Muchas veces escuchamos o vemos noticias referidas al tránsito y a la seguridad vial. Incluso nuevos términos como “movilidad sustentable” o “sostenibilidad”. Pero pocas veces escuchamos hablar de un “Plan Integral de Seguridad Vial”. Las dificultades que presenta el federalismo en el tránsito hace que cada provincia e incluso cada municipio puedan generar normativas locales distintas a las de sus vecinos. De hecho, lograr criterios comunes en todo el país es una misión casi imposible.
Es por ello que cotidianamente nacen iniciativas inconexas y poco efectivas provenientes de los distintos niveles del gobierno. Esas medidas habitualmente no tienen un basamento técnico que las soporte, ni tampoco tienen en cuenta las circunstancias en la que se aplicarán. Se escriben, se anuncian en forma grandilocuente, no se fundamentan y luego no se analizan sus resultados. Eso ocurre porque “se corre” atrás de las consecuencias en lugar de trabajar sobre las causas que generan la inseguridad vial. Este es el caso, por ejemplo, del proyecto de Ley de Tolerancia Cero al volante, que busca aprobarse en todo el territorio nacional.
En este sentido, un Plan Integral de Seguridad Vial, además de tener el status de política de Estado, debería abordarse de manera integral y transversal, enfocado en las raíces profundas del problema. Y ese complicado entramado de temas, inexorablemente debe apuntar a un profundo cambio cultural y debe estar en manos de profesionales de distintas disciplinas con el foco puesto en la reducción de la siniestralidad y la mortalidad.
Sin dudas, también, se lo deberá tomar como un conjunto de procesos que tengan en cuenta las necesidades que se requieren para llevarlo adelante y las consecuencias de cada iniciativa.

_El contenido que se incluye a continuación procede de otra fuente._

(* Fix $L>0$ and define $$\Delta_n(FP-ES;L)=\max_{T\in RB(n)}\max_{i\in[n]}\sup_{l>0:\ \sum_e l(e)=L}\{FP_T(i)-ES_T(i)\},$$ and $\Delta_n(ES-FP;L)$ analogously with $ES_T(i)-FP_T(i)$. The suprema run over strictly positive edge-length assignments with total length $L$. (i) For $n\ge 2$, $\Delta_n(FP-ES;L)=\lambda_n L$, where $\lambda_n=0$ for $n=2,3$, $\lambda_4=\tfrac1{12}$, $\lambda_5=\tfrac18$, and $\lambda_n=\tfrac{11}{80}$ for $n\ge 6$. For $n\ge 3$, $\Delta_n(ES-FP;L)=\left(\tfrac12-\tfrac1{n-1}\right)L$. (ii) If the suprema are restricted to positive edge-length assignments with total length $L$ that also satisfy (MC), then the same formulas hold with $L$ replaced by $L/2$. That is, $\Delta_n(FP-ES;L)=\lambda_n L/2$ for $n\ge2$, and $\Delta_n(ES-FP;L)=\left(\tfrac12-\tfrac1{n-1}\right)L/2$ for $n\ge 3$.
   Context: $RB(n)$ is the set of rooted binary phylogenetic trees with leaf set $[n]=\{1,\dots,n\}$: rooted trees in which every non-leaf vertex has out-degree exactly 2, leaves labelled bijectively by $[n]$, identified up to label-preserving isomorphism. Each edge has length $l(e)>0$, and $n(e)$ is the number of leaves descended from $e$. $FP_T(i)=\sum_{e\in P(T;\rho,i)} l(e)/n(e)$ and $ES_T(i)=\sum_{e\in P(T;\rho,i)} l(e)/2^{k(e,i)}$, where $P(T;\rho,i)$ is the root-to-$i$ path and $k(e,i)$ is the number of edges strictly between $e$ and $i$ on that path. (MC): all root-to-leaf path lengths are equal. *)

From Stdlib Require Import Reals List Permutation Arith.
Import ListNotations.
Open Scope R_scope.

(* A [Node l1 t1 l2 t2]
   is an internal vertex with two children t1, t2; [l1] (resp. [l2]) is the
   length of the edge from this vertex to the root of t1 (resp. t2).
   The root has no incoming edge. *)
Inductive ltree : Type :=
| Leaf : nat -> ltree
| Node : R -> ltree -> R -> ltree -> ltree.

Fixpoint leaves (t : ltree) : list nat :=
  match t with
  | Leaf k => [k]
  | Node _ t1 _ t2 => leaves t1 ++ leaves t2
  end.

Los factores de la siniestralidad deberán estar contemplados teniendo en cuenta la realidad actual y el punto que se desea alcanzar en cada etapa considerando objetivos de corto, mediano y largo plazo en lo que se refiere al factor humano, el vehicular y las vías de circulación.
Para todo lo anterior se va a necesitar un profundo trabajo en educación, pero cuando hablamos de educación no solo nos referimos a los niños y adolescentes, sino también a los adultos. Del mismo modo se deberá proceder en las campañas de concientización. Para citar un ejemplo podemos mencionar la laxitud con la que se obtiene una licencia de conducir, ya que el 98% de los poseedores de una licencia de conducir jamás leyeron la ley de tránsito. ¿Cómo pretendemos que se cumplan las leyes de tránsito si no las conocemos?
Otro punto crucial son los controles. Necesitamos multiplicar por 100 el número de controles de tránsito, tanto en forma dinámica como estática, pero estos controles deben ser nobles, claros e incluso pedagógicos. No es cuestión de montar un “negocio” municipal sino controlar que las normas se cumplan. En este punto, por ejemplo, es importante destacar que de los cinco países con mejores índices de seguridad vial en el mundo, en ninguno de ellos hay Tolerancia Cero. En Dinamarca, Suiza y Países Bajos su límite de alcohol es de 0.5 gramos por litro de sangre; en Reino Unido: la tolerancia es de 0.8 gramos y en Suecia -el país más avanzado del mundo en materia de seguridad vial- se determinó una tolerancia de 0,2 gr para todo tipo de conductor, incluyendo a principiantes y profesionales, porque el margen de error de la medición no depende de la calidad del conductor, sino de las inevitables imperfecciones del sistema. En tanto en América Latina algunos países han incorporado a sus legislaciones una restricción plena, otros recién consideran sanción a partir del 0,2; 0,3 o 0,5, gramos por litro de sangre como por ejemplo Colombia, Chile, Ecuador y Perú.
Debemos entender que el mejor negocio para todos es la prevención. Manejamos como vivimos. Ya va siendo hora que cambiemos de forma de vida.